Timely antiviral treatment and prevention can diminish the morbidity and mortality caused by influenza seasonal, zoonotic, and pandemic infections. However, the emergence of antiviral resistance threatens the utility of available agents and sometimes contributes to poor clinical outcomes. Adamantanes, once effective, are now obsolete for seasonal influenza use due to widespread resistance. Neuraminidase inhibitors remain the mainstay of therapy, but oseltamivir-resistant A(H1N1) virus spread globally in 2007-2009, and treatment-emergent oseltamivir resistance arises more commonly in some influenza A subtypes and hosts, as does baloxavir resistance. Resistant influenza variants sometimes occur in birds and pigs, highlighting the importance of surveillance in animal reservoirs. Genotypic and phenotypic methods are complementary in detecting and characterizing viral resistance.
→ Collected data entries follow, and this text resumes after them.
(** * Rotation invariance *)

Lemma lsum_periodic_step (g : R -> R) (K : nat) (c : R) :
  (forall x, g (x + INR K) = g x) ->
  lsum (fun a => g (INR a + c)) (seq 0 K) = lsum (fun a => g (INR a + c + 1)) (seq 0 K).
Proof.
  intros Hg. destruct K as [|K]; [reflexivity|].
  change (seq 0 (S K)) with (0%nat :: seq 1 K) at 1. cbn [lsum fold_right].
  fold (lsum (fun a => g (INR a + c)) (seq 1 K)).
  rewrite lsum_seq_last, <- (seq_shift K 0), lsum_map.
  rewrite (lsum_ext (fun a => g (INR (S a) + c)) (fun a => g (INR a + c + 1)))
    by (intros a; rewrite S_INR; f_equal; ring).
  rewrite <- (Hg (INR 0 + c)). replace (INR 0 + c + INR (S K)) with (INR (0 + K) + c + 1)
    by (rewrite S_INR; simpl; ring).
  ring.
Qed.

Lemma lsum_periodic_recenter (g : R -> R) (K j m : nat) :
  (forall x, g (x + INR K) = g x) ->
  lsum (fun a => g (INR a - INR j)) (seq 0 K) = lsum (fun a => g (INR a - INR m)) (seq 0 K).
Proof.
  intros Hg.
  assert (Hcenter : forall i,
      lsum (fun a => g (INR a - INR i)) (seq 0 K) = lsum (fun a => g (INR a)) (seq 0 K)).
  { induction i as [|i IH].
    - apply lsum_ext. intros a. f_equal. simpl. ring.
    - rewrite <- IH, (lsum_ext _ (fun a => g (INR a + - INR (S i))))
        by (intros a; f_equal; ring).
      rewrite lsum_periodic_step by exact Hg.
      apply lsum_ext. intros a. f_equal. rewrite S_INR. ring. }
  rewrite !Hcenter. reflexivity.
Qed.

Definition grid_total (k j : nat) : R :=
  lsum (fun a => lsum (fun b => grid_h k (INR a - INR j) (INR b - INR j)) (seq 0 (2 * k)))
       (seq 0 (2 * k)).

Lemma depth_sum_on_grid (k j : nat) :
  lsum (fun a => lsum (fun b => h_ker arc_dist a b (circ_pt k j)) (P2k_pts k)) (P2k_pts k)
  = grid_total k j.
Proof.
  unfold P2k_pts, grid_total. rewrite lsum_map. apply lsum_ext. intros a.
  rewrite lsum_map. apply lsum_ext. intros b. apply h_ker_circ_pt.
Qed.

Lemma grid_total_rotation (k j m : nat) : (0 < k)%nat -> grid_total k j = grid_total k m.
Proof.
  intros Hk. unfold grid_total.
  rewrite (lsum_ext _ (fun a =>
      lsum (fun b => grid_h k (INR a - INR j) (INR b - INR m)) (seq 0 (2 * k)))).
  - apply (lsum_periodic_recenter
      (fun x => lsum (fun b => grid_h k x (INR b - INR m)) (seq 0 (2 * k)))).
    intros x. apply lsum_ext. intros b. apply grid_h_period, Hk.
  - intros a. apply (lsum_periodic_recenter (fun y => grid_h k (INR a - INR j) y)).
    intros y. rewrite grid_h_sym, grid_h_period, grid_h_sym by exact Hk. reflexivity.
Qed.

(** * Evaluation of the total at the point of index n, with k = n + 1 *)

Lemma lsum_offsets (g : R -> R) (n : nat) :
  lsum (fun a => g (INR a - INR n)) (seq 0 (2 * S n)) =
  lsum (fun w => g (- INR w)) (seq 1 n) + g 0 + lsum (fun p => g (INR p)) (seq 1 (S n)).
Proof.
  replace (2 * S n)%nat with (n + (1 + S n))%nat by lia.
  rewrite !seq_app, !lsum_app. simpl (seq (0 + n) 1). rewrite Nat.add_0_l.
  rewrite <- (lsum_seq_rev (fun w => g (- INR w))).
  replace (n + 1)%nat with (1 + n)%nat by lia. rewrite (lsum_seq_shift _ 1 n).
  cbn [lsum fold_right] in *. rewrite Rminus_diag, Rplus_0_r.
  rewrite (lsum_ext_in (fun a => g (INR a - INR n)) (fun b => g (- INR (n - b)))).
  2:{ intros a Ha%in_seq. rewrite minus_INR by lia. f_equal. ring. }
  rewrite (lsum_ext (fun x => g (INR (x + n) - INR n)) (fun p => g (INR p)))
    by (intros p; rewrite plus_INR; f_equal; ring).
  ring.
Qed.

Section OffsetSums.
Variable n : nat.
Combination antiviral therapy reduces the risk of treatment-emergent resistance in some studies, but further clinical trials are needed. Future priorities include developing antivirals and combinations with higher barriers to resistance, improving real-time detection of resistant variants, and strengthening surveillance in both humans and animals to inform clinical management and public health responses.